Читать «Частная жизнь Сергея Есенина» онлайн - страница 22

Владимир Ткаченко

Анатолий Мариенгоф, друг Есенина не испытавший действия чар Зинаиды Райх, пишет о ней и как об актрисе, и как о женщине объективно:

“Райх актрисой не была — ни плохой, ни хорошей. Ее прошлое — советские канцелярии…

Щедрая природа одарила ее чувственными губами на лице, круглом, как тарелка. Одарила задом величиной с громадный ресторанный поднос при подаче на компанию. Кривоватые ноги ее ходили по земле, а потом и по сцене, как по палубе корабля, плывущего в качку”.

Татьяна Есенина о матери:

— Она была женственна классически безупречной красотой.

Созвучны этим нежным словам дочери и мемуары В. Чернявского о первых месяцах жизни Есенина с молодой женой в Питере, в доме № 33 по Литейному:

“В этом доме провел Есенин первые месяцы своего брака с Зин. Ник. Райх, тогда вовсе не актрисой, а просто молодой редакционной работницей, красивой, спокойной, мягким движением кутавшейся в теплый платок”.

Зинаида Райх прожила бурную жизнь с драмами и триумфом, которая закончилась в одну из зловещих ночей 1939 года, когда она после ареста Мейерхольда была найдена в своей квартире зверски зарезанной чьей-то бандитской финкой, истекшая кровью.

Ходили слухи, что незадолго перед этим она в нервозном состоянии на людях обещала рассказать какую-то правду о смерти Есенина.

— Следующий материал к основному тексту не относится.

Lemma free_product_hom_unique (M : lmodType K) (brM : M -> M -> M) (h h' : F -> M) :
  is_Lie brM -> is_Lie_hom brF brM h -> is_Lie_hom brF brM h' ->
  (forall l, h (j1 l) = h' (j1 l)) -> (forall l, h (j2 l) = h' (j2 l)) ->
  forall x, h x = h' x.
Proof.
move=> hM hh hh' h_j1 h_j2; have [_ hj1 hj2 univ] := hF.
have [h0 [_ _ _ h0_unique]] :=
  univ _ _ _ _ hM (is_Lie_hom_comp hj1 hh) (is_Lie_hom_comp hj2 hh).
by move=> x; rewrite (h0_unique h hh (fun=> erefl) (fun=> erefl))
  (h0_unique h' hh' (fun l => esym (h_j1 l)) (fun l => esym (h_j2 l))).
Qed.

Lemma free_product_ind (P : F -> Prop) (P0 : P 0)
    (PD : forall x y, P x -> P y -> P (x + y)) (PZ : forall a x, P x -> P (a *: x))
    (brP : forall x y, P x -> P y -> P (brF x y))
    (j1P : forall l, P (j1 l)) (j2P : forall l, P (j2 l)) :
  forall x, P x.
Proof.
have [hFL hj1 hj2 univ] := hF.
have [h [hh h_j1 h_j2 _]] := univ _ _ _ _ (sub_op_Lie P0 PD PZ brP hFL)
  (sub_fun_Lie_hom P0 PD PZ brP j1P hj1) (sub_fun_Lie_hom P0 PD PZ brP j2P hj2).
have hval_h := is_Lie_hom_comp hh (val_Lie_hom _ _ _ brP).
have hid : is_Lie_hom brF brF id by [].
move=> x; rewrite -(free_product_hom_unique hFL hval_h hid
  (fun l => congr1 val (h_j1 l)) (fun l => congr1 val (h_j2 l)) x).
exact: sub_lmod_valP.
Qed.
End FreeProduct.

Section LieTriAlgebras.
Variables (K : fieldType) (A : lmodType K) (vd dv pp : A -> A -> A).
Hypothesis htri : is_Lie_tri vd dv pp.

Lemma Lie_tri_pp_Lie : 2%N \notin [pchar K] -> is_Lie pp.
Proof.
move=> hchar; have [[_ _ hpp _ ppA] [_ _ _ jacobi]] := htri.
have two_neq0 : (2%:R : K) != 0 by move: hchar; rewrite inE.
split=> // [x | x y z].
  have : (2%:R : K) *: pp x x == 0 by rewrite scaler_nat mulr2n {1}ppA addNr.
  by rewrite scaler_eq0 (negPf two_neq0) => /eqP.
by rewrite (ppA x) (ppA y (pp z x)) (ppA z (pp x y)) -!opprD jacobi oppr0.
Qed.

Lemma Lie_tri_vd_pp_r x y z : vd x (pp y z) = pp (vd x y) z + pp y (vd x z).
Proof.
have [[_ _ _ _ ppA] [_ _ ax3 _]] := htri.
have := ax3 x y z; rewrite (ppA (vd x z) y) opprK addrAC.
by move/eqP; rewrite subr_eq0 => /eqP.
Qed.

Lemma Lie_tri_vd_vd_l x y w : vd (vd x y) w = vd x (vd y w) - vd y (vd x w).
Proof.
have [_ [ax1 _ _ _]] := htri.
by apply/eqP; rewrite -subr_eq0 opprB addrA addrAC ax1.
Qed.

Lemma Lie_tri_vd_pp_l x y w : vd (pp x y) w = vd x (vd y w) - vd y (vd x w).
Proof. by have [_ [_ ax2 _ _]] := htri; rewrite ax2 Lie_tri_vd_vd_l. Qed.
End LieTriAlgebras.

Section ProjectionTriAlgebra.
Variables (K : fieldType) (F : lmodType K) (brF : F -> F -> F) (pi : F -> F).
Hypotheses (hF : is_Lie brF) (hpi : is_Lie_hom brF brF pi)
  (pi_idem : forall x, pi (pi x) = pi x).

Definition proj_vd x y := brF (pi x) y.
Definition proj_dv x y := - brF (pi y) x.

Lemma proj_Lie_tri : is_Lie_tri proj_vd proj_dv brF.
Proof.
have [[brl brr] _ jacobi] := hF; have [pi_lin pi_br] := hpi.
rewrite /proj_vd /proj_dv; split; split => //.
- by split=> a x y z; rewrite ?pi_lin ?brl ?brr.
- by split=> a x y z; rewrite ?pi_lin ?brl ?brr opprD scalerN.
- exact: Lie_anti.
- by move=> x1 x2 x3; rewrite pi_br pi_idem (Lie_jacobi_l hF) addrAC subrK subrr.
- by move=> x1 x2 x3; rewrite !pi_br pi_idem.
- move=> x1 x2 x3; rewrite (Lie_jacobi_l hF) (Lie_anti hF (brF (pi x1) x3)) opprK.
  by rewrite addrAC subrK subrr.
- move=> x1 x2 x3; rewrite (Lie_anti hF (brF x1 x2)) (Lie_anti hF (brF x2 x3)).
  by rewrite (Lie_anti hF (brF x3 x1)) -!opprD jacobi oppr0.
Qed.
End ProjectionTriAlgebra.

Section SemidirectProduct.
Variables (K : fieldType) (U L : lmodType K) (pp : U -> U -> U) (brL : L -> L -> L)
  (D : L -> U -> U).
Hypotheses (hpp : is_Lie pp) (hL : is_Lie brL)
  (D_linl : forall u, is_linear (D^~ u)) (D_linr : forall l, is_linear (D l))
  (D_pp : forall l u v, D l (pp u v) = pp (D l u) v + pp u (D l v))
  (D_br : forall l l' u, D (brL l l') u = D l (D l' u) - D l' (D l u)).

Летом 1917 года, когда Есенин, опьяненный свободой, мистическими прозрениями, мечтой о земном рае, с любовью создавал цикл своих религиозно-революционных поэм и завоевывал сердце Зинаиды, он был, наверное, на вершине своего здоровья, физического расцвета, мужской красоты и обаяния. Он шел по революционной России “красивый, двадцатидвухлетний”, от его стройной фигуры веяло ладом, изяществом, “ухватистой силой”, “свежей розовостью щек”. Люди, читавшие его строки “свет от розовой иконы на златых моих ресницах”, вспоминают, что действительно его взоры излучали подобный свет. Он любил встряхивать головой, и тогда его волосы свободно развевались, образуя над ней корону, из-под которой светились два синих глаза.

Юношеская легкость походки, живое, постоянно меняющее выражение лицо, волшебная способность говорить и вести беседу без слов — легким кивком головы, жестами рук, движением бровей, прищуром глаз — таким запомнился Есенин всем, кто встречался с ним летом 1917 года.

Он почти совсем не пил вина, как вспоминает Владимир Чернявский, но запоем создавал циклы религиозно-космических поэм о революции, которые по недоразумению были окрещены “богохульными”, и сразу же, с “горячего” еще листа бумаги, читал только что написанное друзьям, прямо за обеденным столом, подвинув чашку или тарелку; тряс кудлатой головой, бил кулаком по скатерти и читал.

Ни о каких серьезных заработках осенью 1918 года и думать было нечего. Есенин мечется. Нищета, беготня по редакциям, опять надо приспосабливаться, но уже к новым “заезжим людям”. От отчаянья он подряжается писать монографию о Сергее Коненкове в компании с Клычковым. Пишут слезное ходатайство зав. отделом изобразительных искусств комиссариата народного просвещения”, говорят что якобы уже работают над монографией, просят аванс в 1 тысячу рублей.